Content starts

(* Let $B$ be a finite-dimensional abelian Lie algebra over a field $\mathbb{K}$ of characteristic zero and let $w\colon B\times B\to B^*$ be a cyclic $2$-cocycle. Then $(T^*_wB)^2=\mathrm{span}\langle w(b,b'):b,b'\in B\rangle$ and $Z(T^*_wB)=\mathrm{rad}\,w\oplus B^*$. Hence $T^*_wB$ is $2$-step nilpotent if and only if $w\neq0$. Moreover the following are equivalent: (a) $(T^*_wB,q_B)$ is reduced; (b) $w$ is non-degenerate; (c) $B^*=\mathrm{span}\langle w(b,b'):b,b'\in B\rangle$.
   Context: For a bilinear map $w\colon B\times B\to B^*$: $\mathrm{rad}\,w=\{b\in B:w(b,\cdot)=0\}$ and $w$ is non-degenerate if $\mathrm{rad}\,w=0$; $w$ is cyclic if $w(a,b)(c)=w(c,a)(b)=w(b,c)(a)$; $w$ is a $2$-cocycle (coadjoint coefficients) if $w$ is skew-symmetric and $\sum_{\mathrm{cyc}}w([a,b],c)=\sum_{\mathrm{cyc}}\mathrm{ad}^*(a)w(b,c)$, $\mathrm{ad}^*(a)(\beta)(a')=-\beta([a,a'])$. The $T^*$-extension $T^*_wB$ is $B\oplus B^*$ with bracket $[b+\beta,b'+\beta']=[b,b']_B+w(b,b')+\mathrm{ad}^*(b)(\beta')-\mathrm{ad}^*(b')(\beta)$ (here, $B$ abelian, simply $w(b,b')$) and form $q_B(b+\beta,b'+\beta')=\beta(b')+\beta'(b)$. A Lie algebra $L$ is reduced if $Z(L)\subseteq[L,L]$; $2$-step nilpotent means $[L,[L,L]]=0\ne[L,L]$. *)

From HB Require Import structures.
From mathcomp Require Import all_boot all_order all_algebra.
Set Implicit Arguments. Unset Strict Implicit. Unset Printing Implicit Defensive.
Import GRing.Theory.
Local Open Scope ring_scope.

Notation dual K B := ('Hom(B, K^o)) (only parsing).

Section TStar.
Variables (K : fieldType) (B : vectType K).

Definition adstar (br : B -> B -> B) (a : B) (beta : 'Hom(B, K^o)) : 'Hom(B, K^o) :=
  linfun (fun a' : B => - beta (br a a')).

Definition abel_br : B -> B -> B := fun _ _ => 0.

Definition bilinear_map (w : B -> B -> 'Hom(B, K^o)) :=
  (forall (k : K) a a' b, w (k *: a + a') b = k *: w a b + w a' b) /\
  (forall (k : K) a b b', w a (k *: b + b') = k *: w a b + w a b').

Definition rad_w (w : B -> B -> 'Hom(B, K^o)) (b : B) : Prop :=
  forall b', w b b' = 0.

Definition nondeg_w (w : B -> B -> 'Hom(B, K^o)) : Prop :=
  forall b, rad_w w b -> b = 0.

Definition cyclic_form (w : B -> B -> 'Hom(B, K^o)) : Prop :=
  forall a b c, w a b c = w c a b /\ w c a b = w b c a.

Definition cocycle2 (br : B -> B -> B) (w : B -> B -> 'Hom(B, K^o)) : Prop :=
  (forall a b, w a b = - w b a) /\
  (forall a b c,
     w (br a b) c + w (br b c) a + w (br c a) b =
     adstar br a (w b c) + adstar br b (w c a) + adstar br c (w a b)).

Definition tstar_br (br : B -> B -> B) (w : B -> B -> 'Hom(B, K^o))
  (x y : (B * 'Hom(B, K^o))%type) : (B * 'Hom(B, K^o))%type :=
  (br x.1 y.1, w x.1 y.1 + adstar br x.1 y.2 - adstar br y.1 x.2).

Definition qB (x y : (B * 'Hom(B, K^o))%type) : K := x.2 y.1 + y.2 x.1.

End TStar.

Definition in_span (K : fieldType) (V : vectType K) (S : V -> Prop) (x : V) : Prop :=
  exists s : seq V, (forall y, y \in s -> S y) /\ x \in <<s>>%VS.

Section LieNotions.
Variables (K : fieldType) (L : vectType K) (br : L -> L -> L).

Definition lie_derived (x : L) : Prop := in_span (fun z => exists u v, z = br u v) x.

Definition lie_center (x : L) : Prop := forall y, br x y = 0.

Definition lie_reduced : Prop := forall x, lie_center x -> lie_derived x.

Definition two_step_nilpotent : Prop :=
  (forall x, in_span (fun z => exists u v, z = br u v /\ lie_derived v) x -> x = 0)
  /\ exists x, lie_derived x /\ x <> 0.
End LieNotions.

From HB Require Import structures.
From mathcomp Require Import all_boot all_order all_algebra.
Import GRing.Theory.
Local Open Scope ring_scope.
Set Implicit Arguments. Unset Strict Implicit.

(* For abelian B all coadjoint terms vanish, so the bracket of T^*_w B is
   [(b, β), (b', β')] = (0, w(b, b')).  Hence the derived algebra is
   0 ⊕ span w(B, B), the centre is rad w ⊕ B^*, and [L, [L, L]] = 0.
   Cyclicity gives w(c, b)(b') = w(b, b')(c), so rad w is the common kernel of
   the functionals w(b, b'); in finite dimension a family of functionals spans
   B^* exactly when its common kernel is trivial, which gives (b) <-> (c), and
   (a) <-> (b) follows from the descriptions of the centre and derived algebra. *)

Section Span.
Variables (K : fieldType) (V : vectType K).
Implicit Types (S T : V -> Prop) (x : V).

Lemma in_span1 S x : S x -> in_span S x.
Proof.
by move=> Sx; exists [:: x]; split=> [y /[!inE]/eqP-> //|]; exact: memv_span1.
Qed.

Lemma in_span_sub S T x : (forall y, S y -> T y) -> in_span S x -> in_span T x.
Proof. by move=> ST [s [sS xs]]; exists s; split=> // y /sS/ST. Qed.

Lemma in_span_neq0 S x : in_span S x -> x != 0 -> exists2 y, S y & y != 0.
Proof.
case=> s [sS xs] x0.
have [/hasP[y ys y0] | /hasPn s0] := boolP (has (predC1 0) s).
  by exists y; first exact: sS.
case/negP: x0; rewrite -memv0; apply: subvP xs; apply/span_subvP => y /s0.
by rewrite negbK memv0.
Qed.

Lemma in_span_eq0 S x : (forall y, S y -> y = 0) -> in_span S x -> x = 0.
Proof.
move=> S0 /in_span_neq0 S_neq0; apply/eqP; apply: contraT => /S_neq0[y /S0->].
by rewrite eqxx.
Qed.

Lemma in_span_linear (W : vectType K) (f : {linear V -> W}) S x :
  in_span S x -> in_span (fun z => exists2 y, S y & z = f y) (f x).
Proof.
case=> s [sS xs]; exists (map f s); split.
  by move=> _ /mapP[y ys ->]; exists y; first exact: sS.
by rewrite -(eq_map (lfunE f)) -limg_span -[f x]lfunE memv_img.
Qed.

End Span.

Section PairSpan.
Variables (K : fieldType) (U V : vectType K).

Definition pair0 (v : V) : U * V := (0, v).

Fact pair0_is_linear : linear pair0.
Proof. by move=> k x y; rewrite /pair0 -[0 in LHS](addr0 0) -{1}(scaler0 U k). Qed.

HB.instance Definition _ :=
  GRing.isLinear.Build K V (U * V)%type *:%R pair0 pair0_is_linear.

Lemma in_span_pair0 (S : V -> Prop) (x : U * V) :
  in_span (fun z => z.1 = 0 /\ S z.2) x <-> x.1 = 0 /\ in_span S x.2.
Proof.
split=> [xS | [x1 xS]].
  split.
    by apply: (in_span_eq0 _ (in_span_linear fst xS)) => _ [z [z1 _] ->].
  by apply: in_span_sub (in_span_linear snd xS) => _ [z [_ Sz] ->].
have -> : x = pair0 x.2 by case: x x1 {xS} => a b /= ->.
by apply: in_span_sub (in_span_linear pair0 xS) => _ [z Sz ->].
Qed.

End PairSpan.

Section Dual.
Variables (K : fieldType) (B : vectType K).
Implicit Types (b : B) (beta : 'Hom(B, K^o)) (s : seq 'Hom(B, K^o)).

Lemma dual_separates b : b != 0 -> exists beta : 'Hom(B, K^o), beta b != 0.
Proof.
move=> nz_b; pose e := vbasis (fullv : {vspace B}).
have [i coord_i | coord0] := pickP (fun i => coord e i b != 0).
  by exists (linfun (coord e i : B -> K^o)); rewrite lfunE.
case/negP: nz_b; rewrite (coord_vbasis (memvf b)); apply/eqP; apply: big1 => i _.
by move/negbFE/eqP: (coord0 i) => ->; rewrite scale0r.
Qed.

Lemma span_vanishing s beta b :
  {in s, forall y : 'Hom(B, K^o), y b = 0} -> beta \in <<s>>%VS -> beta b = 0.
Proof.
move=> s0 /(@coord_span _ _ _ (in_tuple s))->; rewrite sum_lfunE.
by apply: big1 => i _; rewrite scale_lfunE s0 ?scaler0 ?mem_nth.
Qed.

Lemma in_span_separates (S : 'Hom(B, K^o) -> Prop) :
  (forall beta, in_span S beta) ->
  forall b, (forall y, S y -> y b = 0) -> b = 0.
Proof.
move=> Sfull b S0; apply/eqP; apply: contraT => /dual_separates[beta].
have [s [sS beta_s]] := Sfull beta.
by rewrite (span_vanishing _ beta_s) ?eqxx // => y /sS/S0.
Qed.

Section Evaluation.
Variable s : seq 'Hom(B, K^o).

Definition eval_row b : 'rV[K]_(size s) := \row_(j < size s) s`_j b.

Fact eval_row_is_linear : linear eval_row.
Proof. by move=> k x y; apply/rowP => j; rewrite !mxE linearP. Qed.

HB.instance Definition _ :=
  GRing.isLinear.Build K B 'rV[K]_(size s) *:%R eval_row eval_row_is_linear.

(* Separation makes evaluation at s injective, so every functional factors
   through it and is a combination of the coordinate functionals, i.e. of s. *)
Lemma span_separating :
  (forall b, {in s, forall y : 'Hom(B, K^o), y b = 0} -> b = 0) ->
  forall beta, beta \in <<s>>%VS.
Proof.
move=> sep beta; pose f := linfun eval_row.
have f_inj : lker f == 0%VS.
  apply/lker0P => x y; rewrite !lfunE /= => exy; apply/eqP; rewrite -subr_eq0.
  apply/eqP/sep => t ts; rewrite linearB /=; apply/eqP; rewrite subr_eq0.
  have /rowP/(_ (Ordinal (etrans (index_mem t s) ts))) := exy.
  by rewrite !mxE nth_index // => ->.
pose h := (beta \o f^-1)%VF.
have -> : beta = \sum_(j < size s) h (delta_mx 0 j) *: s`_j.
  apply/lfunP => b; rewrite sum_lfunE -[b in LHS](lker0_lfunK f_inj).
  rewrite -comp_lfunE -/h [f b]lfunE /= (row_sum_delta (eval_row b)) linear_sum.
  by apply: eq_bigr => j _; rewrite linearZ scale_lfunE mxE; exact: mulrC.
apply: rpred_sum => j _; apply: rpredZ; exact/memv_span/mem_nth.
Qed.

End Evaluation.
End Dual.

Lemma vbasis_linear_eq0 (K : fieldType) (B : vectType K) (V : lmodType K)
    (f : B -> V) :
  linear f -> (forall i : 'I_(\dim {:B}), f (vbasis fullv)`_i = 0) ->
  forall x, f x = 0.
Proof.
move=> f_lin f_basis x.
pose g : {linear B -> V} := HB.pack f (GRing.isLinear.Build K B V *:%R f f_lin).
change (g x = 0); rewrite (coord_vbasis (memvf x)) linear_sum big1 // => i _.
by rewrite linearZ /= f_basis scaler0.
Qed.

Section TStarAbelian.
Variables (K : fieldType) (B : vectType K) (w : B -> B -> 'Hom(B, K^o)).

Local Notation br := (tstar_br (@abel_br K B) w).
Local Notation W := (fun beta : 'Hom(B, K^o) => exists b b', beta = w b b').

Lemma adstar_abel a (beta : 'Hom(B, K^o)) : adstar (@abel_br K B) a beta = 0.
Proof.
by rewrite /adstar /abel_br linear0 oppr0; apply/lfunP => v; rewrite zero_lfunE.
Qed.

Lemma tstar_abel_brE x y : br x y = (0, w x.1 y.1).
Proof. by rewrite /tstar_br !adstar_abel addr0 subr0. Qed.

Lemma tstar_abel_derived x : lie_derived br x <-> x.1 = 0 /\ in_span W x.2.
Proof.
apply: iff_trans (in_span_pair0 _ _); split; apply: in_span_sub => z.
  by case=> u [v ->]; rewrite tstar_abel_brE; split=> //; exists u.1, v.1.
case=> z1 [b [b' z2]]; exists (b, 0), (b', 0).
by rewrite tstar_abel_brE -z1 -z2 -surjective_pairing.
Qed.

Lemma tstar_abel_center x : lie_center br x <-> rad_w w x.1.
Proof.
split=> [xc b | xrad y]; last by rewrite tstar_abel_brE xrad.
by have /(congr1 snd) := xc (b, 0); rewrite tstar_abel_brE.
Qed.

Hypothesis w_bilinear : bilinear_map w.
Hypothesis w_cyclic : cyclic_form w.

Lemma w_linear a : linear (w a).
Proof. by move=> k b b'; exact: w_bilinear.2. Qed.

Lemma w0r a : w a 0 = 0.
Proof.
have := w_linear a 1 0 0; rewrite scaler0 addr0 scale1r => w0.
by apply: (addIr (w a 0)); rewrite add0r -w0.
Qed.

Lemma tstar_abel_two_step : two_step_nilpotent br <-> exists b b', w b b' <> 0.
Proof.
split=> [[_ [x [/tstar_abel_derived[x1 x2] x0]]] | [b [b' wbb']]].
  have x2_neq0 : x.2 != 0.
    by apply/eqP => x2_0; apply: x0; case: x x1 x2_0 {x2} => ? ? /= -> ->.
  have [_ [b [b' ->]] wbb'] := in_span_neq0 x2 x2_neq0.
  by exists b, b'; apply/eqP.
split=> [x | ].
  apply: in_span_eq0 => _ [u [v [-> /tstar_abel_derived[v1 _]]]].
  by rewrite tstar_abel_brE v1 w0r.
exists (br (b, 0) (b', 0)); split.
  by apply: in_span1; exists (b, 0), (b', 0).
by rewrite tstar_abel_brE => /(congr1 snd).
Qed.

Lemma rad_wE b : rad_w w b <-> forall beta, W beta -> beta b = 0.
Proof.
split=> [brad _ [x [x' ->]] | Wb0 x].
  by rewrite (w_cyclic x x' b).1 brad zero_lfunE.
apply/lfunP => x'; rewrite zero_lfunE -(w_cyclic x x' b).1.
by apply: Wb0; exists x, x'.
Qed.

Lemma rad_w_vbasis b :
  (forall i j : 'I_(\dim {:B}), w b (vbasis fullv)`_i (vbasis fullv)`_j = 0) ->
  rad_w w b.
Proof.
move=> wb0; apply: vbasis_linear_eq0 (w_linear b) _ => i.
apply/lfunP => x; rewrite zero_lfunE; apply: vbasis_linear_eq0 x => // k u v.
exact: linearP.
Qed.

Lemma nondeg_wE : nondeg_w w <-> forall beta, in_span W beta.
Proof.
split=> [nd beta | Wfull b /rad_wE]; last exact: in_span_separates Wfull b.
pose e := vbasis (fullv : {vspace B}).
pose s := [seq w x y | x <- (e : seq B), y <- (e : seq B)].
exists s; split; first by move=> _ /allpairsP[[x y] [_ _ ->]]; exists x, y.
apply: span_separating => b s0; apply/nd/rad_w_vbasis => i j.
by rewrite -(w_cyclic _ _ b).1 s0 // allpairs_f // mem_nth // size_tuple.
Qed.

Lemma tstar_abel_reduced : lie_reduced br <-> nondeg_w w.
Proof.
split=> [red b brad | nd x /tstar_abel_center xc].
  have /red/tstar_abel_derived[] // : lie_center br (b, 0).
  exact/tstar_abel_center.
by apply/tstar_abel_derived; split; [exact: nd | exact: nondeg_wE.1].
Qed.

End TStarAbelian.

Theorem corollary2p23 (K : fieldType) (B : vectType K)
  (w : B -> B -> 'Hom(B, K^o)) :
  [pchar K] =i pred0 ->
  bilinear_map w -> cyclic_form w -> cocycle2 (@abel_br K B) w ->
  let L := (B * 'Hom(B, K^o))%type in
  let br := tstar_br (@abel_br K B) w in
  let W := fun beta : 'Hom(B, K^o) => exists b b', beta = w b b' in
  (forall x : L, lie_derived br x <-> x.1 = 0 /\ in_span W x.2) /\
  (forall x : L, lie_center br x <-> rad_w w x.1) /\
  (two_step_nilpotent br <-> exists b b', w b b' <> 0) /\
  ((lie_reduced br <-> nondeg_w w) /\
   (nondeg_w w <-> forall beta, in_span W beta)).
Proof.
move=> _ w_bilinear w_cyclic _ L br W.
split; first exact: tstar_abel_derived.
split; first exact: tstar_abel_center.
split; first exact: tstar_abel_two_step.
split; [exact: tstar_abel_reduced | exact: nondeg_wE].
Qed.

Content ends

● **PROBLEM**: Among the entries above, the line containing "w (br a b) c", the line containing "(forall x, in_span", and all lines between them are to be restated word for word; nothing else belongs in the reply.

● **RESULT OF THIS EXERCISE**:
     w (br a b) c + w (br b c) a + w (br c a) b =
     adstar br a (w b c) + adstar br b (w c a) + adstar br c (w a b)).

Definition tstar_br (br : B -> B -> B) (w : B -> B -> 'Hom(B, K^o))
  (x y : (B * 'Hom(B, K^o))%type) : (B * 'Hom(B, K^o))%type :=
  (br x.1 y.1, w x.1 y.1 + adstar br x.1 y.2 - adstar br y.1 x.2).

Definition qB (x y : (B * 'Hom(B, K^o))%type) : K := x.2 y.1 + y.2 x.1.

End TStar.

Definition in_span (K : fieldType) (V : vectType K) (S : V -> Prop) (x : V) : Prop :=
  exists s : seq V, (forall y, y \in s -> S y) /\ x \in <<s>>%VS.

Section LieNotions.
Variables (K : fieldType) (L : vectType K) (br : L -> L -> L).

Definition lie_derived (x : L) : Prop := in_span (fun z => exists u v, z = br u v) x.

Definition lie_center (x : L) : Prop := forall y, br x y = 0.

Definition lie_reduced : Prop := forall x, lie_center x -> lie_derived x.

Definition two_step_nilpotent : Prop :=
  (forall x, in_span (fun z => exists u v, z = br u v /\ lie_derived v) x -> x = 0)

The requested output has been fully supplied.